[Saved entries]
Lemma chain_weight_cat s t : chain_weight (s ++ t) = chain_weight s + chain_weight t.
Proof. exact: big_cat. Qed.

Lemma chain_sum_cat s t : chain_sum (s ++ t) = chain_sum s + chain_sum t.
Proof. exact: big_cat. Qed.

Lemma chain_weight_ge0 s : 0 <= chain_weight s.
Proof. by apply: sumr_ge0 => a _; exact/ltW/halfpow_gt0. Qed.

Lemma chain_weight_le0 s : chain_weight s <= 0 -> s = [::].
Proof.
case: s => // a s; rewrite chain_weight_cons => w_le0.
by exfalso; have := chain_weight_ge0 s; have := @halfpow_gt0 R a.1; lra.
Qed.

Lemma chain_split s (h : R) : 0 <= h -> h < chain_weight s ->
  exists s1 a s2, [/\ s = s1 ++ a :: s2, chain_weight s1 <= h
    & h < chain_weight s1 + halfpow a.1].
Proof.
elim: s h => [|a s IH] h h0; first by rewrite /chain_weight big_nil; lra.
rewrite chain_weight_cons => h_lt; have [ah | ha] := ltP h (halfpow a.1).
  by exists [::], a, s; rewrite /chain_weight big_nil add0r.
have [||s1 [b [s2 [-> h1 h2]]]] := IH (h - halfpow a.1); [lra | lra |].
by exists (a :: s1), b, s2; rewrite chain_weight_cons; split => //; lra.
Qed.

(* Splitting a chain at half its weight leaves a middle link and two halves of
   weight at most 2^-(n+1); this is where U (n+1) + U (n+1) + U (n+1) <= U n enters. *)
Lemma chain_sum_in s n : chain_in s -> chain_weight s <= halfpow n -> U n (chain_sum s).
Proof.
have [k] := ubnP (size s); elim: k s n => // k IH s n.
case: (eqVneq s [::]) => [-> _ _ _ | s_neq0 s_size s_in s_weight].
  by rewrite /chain_sum big_nil.
have w_gt0 : 0 < chain_weight s.
  rewrite lt_def chain_weight_ge0 andbT; apply: contra s_neq0 => /eqP w0.
  by apply/eqP/chain_weight_le0; rewrite w0.
have [||s1 [a [s2 [s_def w1 w1a]]]] := chain_split s (chain_weight s / 2); [lra | lra |].
move: s_in s_weight s_size w_gt0 w1 w1a.
rewrite s_def chain_in_cat chain_weight_cat chain_weight_cons chain_sum_cat size_cat /=.
move=> [s1_in as2_in] s_weight s_size w_gt0 w1 w1a.
have a_in : U a.1 a.2 by apply: as2_in; rewrite inE eqxx.
have s2_in : chain_in s2 by move=> b b_in; apply: as2_in; rewrite inE b_in orbT.
have w1_ge0 := chain_weight_ge0 s1; have w2_ge0 := chain_weight_ge0 s2.
rewrite /chain_sum big_cons /= -!/(chain_sum _).
have [n_lt_a | a_le_n] := ltnP n a.1.
  have hn := @halfpowS R n.
  rewrite addrA; apply: U_add3; first (apply: IH => //; [lia | lra]).
    exact: U_decr a_in.
  by apply: IH => //; [lia | lra].
have ha := @halfpow_le R n a.1; rewrite a_le_n in ha.
have -> : s1 = [::] by apply: chain_weight_le0; lra.
have -> : s2 = [::] by apply: chain_weight_le0; lra.
rewrite /chain_sum !big_nil add0r addr0; apply: U_decr a_in.
by rewrite -(@halfpow_le R); lra.
Qed.

Definition chains_of (x : G) := [set s | chain_in s /\ chain_sum s = x].
Definition chain_value (x : G) : R := inf [set chain_weight s | s in chains_of x].

Lemma chains_of_neq0 x : [set chain_weight s | s in chains_of x] !=set0.
Proof.
exists (chain_weight [:: (0%N, x)]), [:: (0%N, x)] => //; split.
  by move=> a; rewrite inE => /eqP ->.
by rewrite /chain_sum big_seq1.
Qed.

Lemma chains_of_lbound x : lbound [set chain_weight s | s in chains_of x] 0.
Proof. by move=> _ [s _ <-]; exact: chain_weight_ge0. Qed.

Lemma chain_value_ge0 x : 0 <= chain_value x.
Proof. exact: lb_le_inf (chains_of_neq0 x) (chains_of_lbound x). Qed.

Lemma chain_value_le s : chain_in s -> chain_value (chain_sum s) <= chain_weight s.
Proof.
by move=> s_in; apply: ge_inf; [exists 0; exact: chains_of_lbound | exists s].
Qed.

Lemma chain_value_lt x r : chain_value x < r ->
  exists2 s, chains_of x s & chain_weight s < r.
Proof. by move=> /(inf_lt (chains_of_neq0 x)) [_ [s x_s <-] lt_r]; exists s. Qed.

Lemma chain_value_le1 x : chain_value x <= 1.
Proof.
have := @chain_value_le [:: (0%N, x)]; rewrite /chain_sum /chain_weight !big_seq1.
by apply => a; rewrite inE => /eqP ->.
Qed.

Lemma chain_valueD x y : chain_value (x + y) <= chain_value x + chain_value y.
Proof.
have le_weights s t : chains_of x s -> chains_of y t ->
    chain_value (x + y) <= chain_weight s + chain_weight t.
  move=> [s_in <-] [t_in <-]; rewrite -chain_sum_cat -chain_weight_cat.
  exact/chain_value_le/chain_in_cat.
suff: chain_value (x + y) - chain_value x <= chain_value y by lra.
apply: lb_le_inf (chains_of_neq0 y) _ => _ [t y_t <-].
suff: chain_value (x + y) - chain_weight t <= chain_value x by lra.
apply: lb_le_inf (chains_of_neq0 x) _ => _ [s x_s <-].
by have := le_weights s t x_s y_t; lra.
Qed.

Lemma chain_valueN x : chain_value (- x) = chain_value x.
Proof.
suff le_opp z : chain_value (- z) <= chain_value z.
  by apply/le_anti; rewrite le_opp /= -{1}[x]opprK le_opp.
apply: lb_le_inf (chains_of_neq0 z) _ => _ [s [s_in <-] <-].
pose t := [seq (a.1, - a.2) | a <- s].
have -> : - chain_sum s = chain_sum t by rewrite /chain_sum big_map sumrN.
have -> : chain_weight s = chain_weight t by rewrite /chain_weight big_map.
by apply: chain_value_le => b /mapP [a a_in ->] /=; apply: U_opp; exact: s_in.
Qed.

Lemma chain_value_lt_halfpow n x : chain_value x < halfpow n -> U n x.
Proof.
by move=> /chain_value_lt [s [s_in <-] w_lt]; apply: chain_sum_in => //; exact: ltW.
Qed.

Lemma chain_value_le_halfpow n x : U n x -> chain_value x <= halfpow n.
Proof.
move=> Ux; have := @chain_value_le [:: (n, x)].
by rewrite /chain_sum /chain_weight !big_seq1; apply => a; rewrite inE => /eqP ->.
Qed.

Lemma chain_value0 : chain_value 0 = 0.
Proof.
apply/le_anti; rewrite chain_value_ge0 andbT.
by have := @chain_value_le [::]; rewrite /chain_sum /chain_weight !big_nil; apply.
Qed.

Lemma chain_value_is_value : (forall x, (forall n, U n x) -> x = 0) -> is_value chain_value.
Proof.
move=> U_sep; split.
- exact: chain_value_ge0.
- move=> x; split=> [x0 | ->]; last exact: chain_value0.
  by apply: U_sep => n; apply: chain_value_lt_halfpow; rewrite x0 halfpow_gt0.
- exact: chain_valueN.
- exact: chain_valueD.
Qed.

End BirkhoffKakutani.

Section MetricNbhsBase.
Context {R : realType} {G : topologicalZmodType}.
Variable d : G -> G -> R.
Hypotheses (d_metric : is_metric d) (d_top : induces_topology d).

Fixpoint metric_nbhs0_seq (n : nat) : set G :=
  if n is m.+1 then
    nbhs0_shrink (metric_nbhs0_seq m `&` [set y | d 0 y < m.+1%:R^-1])
  else setT.

Lemma metric_nbhs0_seqP n :
  [/\ nbhs 0 (metric_nbhs0_seq n),
      forall x, metric_nbhs0_seq n x -> metric_nbhs0_seq n (- x),
      forall a b c, metric_nbhs0_seq n.+1 a -> metric_nbhs0_seq n.+1 b ->
        metric_nbhs0_seq n.+1 c -> metric_nbhs0_seq n (a + b + c)
    & metric_nbhs0_seq n.+1 `<=` [set y | d 0 y < n.+1%:R^-1]].
Proof.
have ball0 m : nbhs 0 [set y | d 0 y < m.+1%:R^-1].
  by apply/(metric_nbhsP d_metric d_top); exists m.+1%:R^-1; split.
have seq0 m : nbhs 0 (metric_nbhs0_seq m).
  elim: m => [|m IH] /=; first exact: filterT.
  by case: (nbhs0_shrinkP _ (filterI IH (ball0 m))).
have [W0 _ W3] := nbhs0_shrinkP _ (filterI (seq0 n) (ball0 n)).
split => //.
- case: n {W0 W3} => [|n] //=.
  by case: (nbhs0_shrinkP _ (filterI (seq0 n) (ball0 n))).
- by move=> a b c Wa Wb Wc; case: (W3 _ _ _ Wa Wb Wc).
- move=> x Wx; have W0' := nbhs_singleton W0.
  by have [] := W3 _ _ _ Wx W0' W0'; rewrite !addr0.
Qed.

End MetricNbhsBase.

Lemma natSinv_lt {R : realType} (e : R) : 0 < e -> exists n, n.+1%:R^-1 < e.
Proof. by move=> /ltr_add_invr [n]; rewrite add0r; exists n. Qed.

Lemma metrizable_value_base {R : realType} {G : topologicalZmodType} : metrizable R G ->
  exists q : G -> R, [/\ is_value q, forall x, q x <= 1 & zero_ball_base q].
Proof.
move=> [d [d_metric d_top]]; pose U := metric_nbhs0_seq d.
have U_props := metric_nbhs0_seqP d d_metric d_top.
have U0_full x : U 0%N x by [].
have [d0 dC dT] := d_metric.
have d_ge0 x y : 0 <= d x y.
  by have := dT x y x; rewrite (proj2 (d0 x x)) // dC; lra.
have U_nbhs n : nbhs 0 (U n) by case: (U_props n).
have U_0 n : U n 0 by exact: nbhs_singleton (U_nbhs n).
have U_opp n : forall x, U n x -> U n (- x) by case: (U_props n).
have U_add3 n : forall a b c, U n.+1 a -> U n.+1 b -> U n.+1 c -> U n (a + b + c).
  by case: (U_props n).
have U_ball n : U n.+1 `<=` [set y | d 0 y < n.+1%:R^-1].
  by case: (U_props n).
exists (chain_value U); split.
- apply: (chain_value_is_value U U0_full U_0 U_opp U_add3) => x Ux.
  apply/esym/(proj1 (d0 0 x)).
  apply/le_anti; rewrite d_ge0 andbT leNgt; apply/negP => /natSinv_lt [n lt_d].
  by have /= /lt_trans /(_ lt_d) := U_ball n x (Ux n.+1); rewrite ltxx.
- exact: chain_value_le1 U U0_full.
- split=> [V /(metric_nbhsP d_metric d_top) [e [e0 eV]] | e /natSinv_lt [n lt_e]].
    have /natSinv_lt [n lt_e] := e0; exists (halfpow n.+1); first exact: halfpow_gt0.
    move=> y /(chain_value_lt_halfpow U U0_full U_0 U_add3) /U_ball /= dy.
    by apply: eV; exact: lt_trans dy lt_e.
  apply: filterS (U_nbhs n) => y /(chain_value_le_halfpow (R := R)) value_le.
  exact: le_lt_trans value_le (le_lt_trans (halfpow_le_inv n) lt_e).
Qed.

Lemma max1_ge1 {R : realDomainType} (t : R) : 1 <= Num.max t 1.
Proof. by rewrite le_max lexx orbT. Qed.

Lemma max1_mul_le {R : realDomainType} (s t : R) : 0 <= s -> 0 <= t ->
  Num.max (s * t) 1 <= Num.max s 1 * Num.max t 1.
Proof.
move=> s0 t0; have s1 := max1_ge1 s; have t1 := max1_ge1 t.
have ss : s <= Num.max s 1 by rewrite le_max lexx.
have tt : t <= Num.max t 1 by rewrite le_max lexx.
by rewrite ge_max; apply/andP; split; nra.
Qed.

Section PseudovectorAction.
Context {R : realType} {G : zmodType} {act : R -> G -> G}.
Hypothesis act_pv : pseudovector_action act.

Lemma act0 t : 0 <= t -> act t 0 = 0.
Proof.
case: act_pv => _ _ _ actD t0; apply: (@addrI _ (act t 0)).
by rewrite -actD // !addr0.
Qed.

Lemma actN t x : 0 <= t -> act t (- x) = - act t x.
Proof.
case: act_pv => _ _ _ actD t0; apply/eqP; rewrite -addr_eq0 -actD //.
by rewrite addNr act0.
Qed.

End PseudovectorAction.

Lemma nbhs0_act_segment {R : realType} {G : topologicalZmodType} {act : R -> G -> G}
    (V : set G) (T : R) : topological_pseudovector_action act -> nbhs 0 V ->
  nbhs 0 [set y | forall t, 0 <= t <= T -> V (act t y)].
Proof.
move=> [act_pv act_cont] V0.
have act_near t : `[0, T]%classic t -> \forall t' \near t & y \near (nbhs (0 : G)),
    0 <= t' -> V (act t' y).
  rewrite set_itvcc /= => /andP [t0 _].
  have := proj1 (subspace_continuousP _ _) act_cont (t, 0) t0 V.
  by rewrite /from_subspace /= (act0 act_pv _ t0); apply.
have := @segment_compact R 0 T; rewrite compact_near_coveringP => /(_ G (nbhs 0)
  (fun y t => 0 <= t -> V (act t y)) (nbhs_filter 0) act_near).
by apply: filterS => y Vy t /andP [t0 tT]; apply: Vy => //; rewrite set_itvcc /= t0.
Qed.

• Required action: When the line with "Proof. by rewrite le_max lexx orbT. Qed." is reached in the data above, begin copying, and stop after the line with "move=> [act_pv act_cont] V0."; copy each line exactly, both ends included.

• Answer area:
Proof. by rewrite le_max lexx orbT. Qed.

Lemma max1_mul_le {R : realDomainType} (s t : R) : 0 <= s -> 0 <= t ->
  Num.max (s * t) 1 <= Num.max s 1 * Num.max t 1.
Proof.
move=> s0 t0; have s1 := max1_ge1 s; have t1 := max1_ge1 t.
have ss : s <= Num.max s 1 by rewrite le_max lexx.
have tt : t <= Num.max t 1 by rewrite le_max lexx.
by rewrite ge_max; apply/andP; split; nra.
Qed.

Section PseudovectorAction.
Context {R : realType} {G : zmodType} {act : R -> G -> G}.
Hypothesis act_pv : pseudovector_action act.

Lemma act0 t : 0 <= t -> act t 0 = 0.
Proof.
case: act_pv => _ _ _ actD t0; apply: (@addrI _ (act t 0)).
by rewrite -actD // !addr0.
Qed.

Lemma actN t x : 0 <= t -> act t (- x) = - act t x.
Proof.
case: act_pv => _ _ _ actD t0; apply/eqP; rewrite -addr_eq0 -actD //.
by rewrite addNr act0.
Qed.

End PseudovectorAction.

Lemma nbhs0_act_segment {R : realType} {G : topologicalZmodType} {act : R -> G -> G}
    (V : set G) (T : R) : topological_pseudovector_action act -> nbhs 0 V ->
  nbhs 0 [set y | forall t, 0 <= t <= T -> V (act t y)].
Proof.
move=> [act_pv act_cont] V0.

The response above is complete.